(* Let $p$ be a directed lattice path on the square grid with at least one step, with first step $\mathbf a$ and last step $\mathbf b$, and set $x^{\circlearrowright}(p)=(x_{ur},x_{rd},x_{dl},x_{lu})$ and $x^{\circlearrowleft}(p)=(x_{ru},x_{dr},x_{ld},x_{ul})$, where $x_{st}$ is the number of turns of type $st$ in $p$. (1) There is an integer $k$ such that $v(p):=x^{\circlearrowright}(p)-x^{\circlearrowleft}(p)-k(1,1,1,1)\in\{0,1\}^4$. (2) Writing $v(p)=(v_{ur},v_{rd},v_{dl},v_{lu})$, let $\mathbf a=s_0,s_1,\dots,s_m=\mathbf b$ be the shortest sequence ($0\le m\le 3$) in which each $s_{j+1}$ is the clockwise successor of $s_j$ in the cyclic order $u\to r\to d\to l\to u$. Then $v_t=1$ if and only if $t=s_js_{j+1}$ for some $0\le j<m$. (3) If $p$ is closed and self-avoiding, with turns counted cyclically, then $(x^{\circlearrowright}(p)-x^{\circlearrowleft}(p))\cdot(1,1,1,1)^t$ equals $4$ if $p$ is oriented clockwise and $-4$ if it is oriented counterclockwise.
   Context: A directed lattice path is a finite sequence of steps, each in $\{u=(0,1),\ r=(1,0),\ d=(0,-1),\ l=(-1,0)\}$, such that no two consecutive steps are opposite. A turn of type $st$ (with $s\ne t$) is an occurrence of a step $s$ immediately followed by a step $t$. A path is closed if it ends at its starting point; for closed paths the last step is considered to be followed by the first step (turns counted cyclically), and it is self-avoiding if it visits no lattice point twice except that start equals end. Its orientation is clockwise or counterclockwise as a simple closed polygon. *)

From HB Require Import structures.
From mathcomp Require Import all_boot all_order all_algebra.
Set Implicit Arguments. Unset Strict Implicit. Unset Printing Implicit Defensive.
Import Order.TTheory GRing.Theory Num.Theory.
Local Open Scope ring_scope.
(* Let $r\geq 5$ and $0\leq k\leq 15$. Then the edge set of $Q_{2^r}$ can be partitioned into the edge sets of $2^{r-1}-k$ Hamiltonian cycles (copies of $C_{2^{2^r}}$) of $Q_{2^r}$ and the edge set of a DVOP$[k]$ in $Q_{2^r}$.
   Context: $Q_q$ denotes the $q$-dimensional hypercube graph (vertices are $q$-tuples of $0$'s and $1$'s, adjacent iff they differ in exactly one coordinate). $C_N$ is the cycle on $N$ vertices. $P_k$ is the path with vertices $0,1,\dots,k$ and edges $\hat{j}$ joining $j-1$ and $j$. For a graph $G$, a DVOP$[k]$ is a family $\{p_v\}_{v\in V(G)}$ of embeddings $p_v:P_k\to G$ such that (a) $p_v(\hat{j})=p_{v'}(\hat{j'})$ implies $v=v'$ and $j=j'$, and (b) $p_v(0)=v$ for every $v$; its edge set is the union of the edge images of all $p_v$. *)

From mathcomp Require Import all_boot.
Set Implicit Arguments. Unset Strict Implicit. Unset Printing Implicit Defensive.

Section Graphs.
Variables (T : finType) (adj : rel T).

Definition graph_edges : {set {set T}} :=
  [set e : {set T} | [exists x, exists y, adj x y && (e == [set x; y])]].

Definition path_emb (k : nat) (p : 'I_k.+1 -> T) : Prop :=
  injective p /\
  forall j : 'I_k, adj (p (widen_ord (leqnSn k) j)) (p (lift ord0 j)).

(* image of the edge \hat{j+1} (joining j and j+1) of P_k, for j : 'I_k *)
Definition path_edge (k : nat) (p : 'I_k.+1 -> T) (j : 'I_k) : {set T} :=
  [set p (widen_ord (leqnSn k) j); p (lift ord0 j)].

Definition is_dvop (k : nat) (P : T -> 'I_k.+1 -> T) : Prop :=
  (forall v, path_emb (P v)) /\
  (forall v v' (j j' : 'I_k), path_edge (P v) j = path_edge (P v') j' ->
      v = v' /\ j = j') /\
  (forall v, P v ord0 = v).

Definition dvop_edges (k : nat) (P : T -> 'I_k.+1 -> T) : {set {set T}} :=
  [set path_edge (P v) j | v : T, j : 'I_k].

Definition cycle_emb (N : nat) (c : 'I_N -> T) : Prop :=
  injective c /\ forall i : 'I_N, adj (c i) (c (ordS i)).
━━━━━━━━━━━━━━━━━━━━
**WORK INSTRUCTION**. Reprint the entire listing exactly.

**SOLUTION BELOW**.
(* Let $p$ be a directed lattice path on the square grid with at least one step, with first step $\mathbf a$ and last step $\mathbf b$, and set $x^{\circlearrowright}(p)=(x_{ur},x_{rd},x_{dl},x_{lu})$ and $x^{\circlearrowleft}(p)=(x_{ru},x_{dr},x_{ld},x_{ul})$, where $x_{st}$ is the number of turns of type $st$ in $p$. (1) There is an integer $k$ such that $v(p):=x^{\circlearrowright}(p)-x^{\circlearrowleft}(p)-k(1,1,1,1)\in\{0,1\}^4$. (2) Writing $v(p)=(v_{ur},v_{rd},v_{dl},v_{lu})$, let $\mathbf a=s_0,s_1,\dots,s_m=\mathbf b$ be the shortest sequence ($0\le m\le 3$) in which each $s_{j+1}$ is the clockwise successor of $s_j$ in the cyclic order $u\to r\to d\to l\to u$. Then $v_t=1$ if and only if $t=s_js_{j+1}$ for some $0\le j<m$. (3) If $p$ is closed and self-avoiding, with turns counted cyclically, then $(x^{\circlearrowright}(p)-x^{\circlearrowleft}(p))\cdot(1,1,1,1)^t$ equals $4$ if $p$ is oriented clockwise and $-4$ if it is oriented counterclockwise.
   Context: A directed lattice path is a finite sequence of steps, each in $\{u=(0,1),\ r=(1,0),\ d=(0,-1),\ l=(-1,0)\}$, such that no two consecutive steps are opposite. A turn of type $st$ (with $s\ne t$) is an occurrence of a step $s$ immediately followed by a step $t$. A path is closed if it ends at its starting point; for closed paths the last step is considered to be followed by the first step (turns counted cyclically), and it is self-avoiding if it visits no lattice point twice except that start equals end. Its orientation is clockwise or counterclockwise as a simple closed polygon. *)

From HB Require Import structures.
From mathcomp Require Import all_boot all_order all_algebra.
Set Implicit Arguments. Unset Strict Implicit. Unset Printing Implicit Defensive.
Import Order.TTheory GRing.Theory Num.Theory.
Local Open Scope ring_scope.
(* Let $r\geq 5$ and $0\leq k\leq 15$. Then the edge set of $Q_{2^r}$ can be partitioned into the edge sets of $2^{r-1}-k$ Hamiltonian cycles (copies of $C_{2^{2^r}}$) of $Q_{2^r}$ and the edge set of a DVOP$[k]$ in $Q_{2^r}$.
   Context: $Q_q$ denotes the $q$-dimensional hypercube graph (vertices are $q$-tuples of $0$'s and $1$'s, adjacent iff they differ in exactly one coordinate). $C_N$ is the cycle on $N$ vertices. $P_k$ is the path with vertices $0,1,\dots,k$ and edges $\hat{j}$ joining $j-1$ and $j$. For a graph $G$, a DVOP$[k]$ is a family $\{p_v\}_{v\in V(G)}$ of embeddings $p_v:P_k\to G$ such that (a) $p_v(\hat{j})=p_{v'}(\hat{j'})$ implies $v=v'$ and $j=j'$, and (b) $p_v(0)=v$ for every $v$; its edge set is the union of the edge images of all $p_v$. *)

From mathcomp Require Import all_boot.
Set Implicit Arguments. Unset Strict Implicit. Unset Printing Implicit Defensive.

Section Graphs.
Variables (T : finType) (adj : rel T).

Definition graph_edges : {set {set T}} :=
  [set e : {set T} | [exists x, exists y, adj x y && (e == [set x; y])]].

Definition path_emb (k : nat) (p : 'I_k.+1 -> T) : Prop :=
  injective p /\
  forall j : 'I_k, adj (p (widen_ord (leqnSn k) j)) (p (lift ord0 j)).

(* image of the edge \hat{j+1} (joining j and j+1) of P_k, for j : 'I_k *)
Definition path_edge (k : nat) (p : 'I_k.+1 -> T) (j : 'I_k) : {set T} :=
  [set p (widen_ord (leqnSn k) j); p (lift ord0 j)].

Definition is_dvop (k : nat) (P : T -> 'I_k.+1 -> T) : Prop :=
  (forall v, path_emb (P v)) /\
  (forall v v' (j j' : 'I_k), path_edge (P v) j = path_edge (P v') j' ->
      v = v' /\ j = j') /\
  (forall v, P v ord0 = v).

Definition dvop_edges (k : nat) (P : T -> 'I_k.+1 -> T) : {set {set T}} :=
  [set path_edge (P v) j | v : T, j : 'I_k].

Definition cycle_emb (N : nat) (c : 'I_N -> T) : Prop :=
  injective c /\ forall i : 'I_N, adj (c i) (c (ordS i)).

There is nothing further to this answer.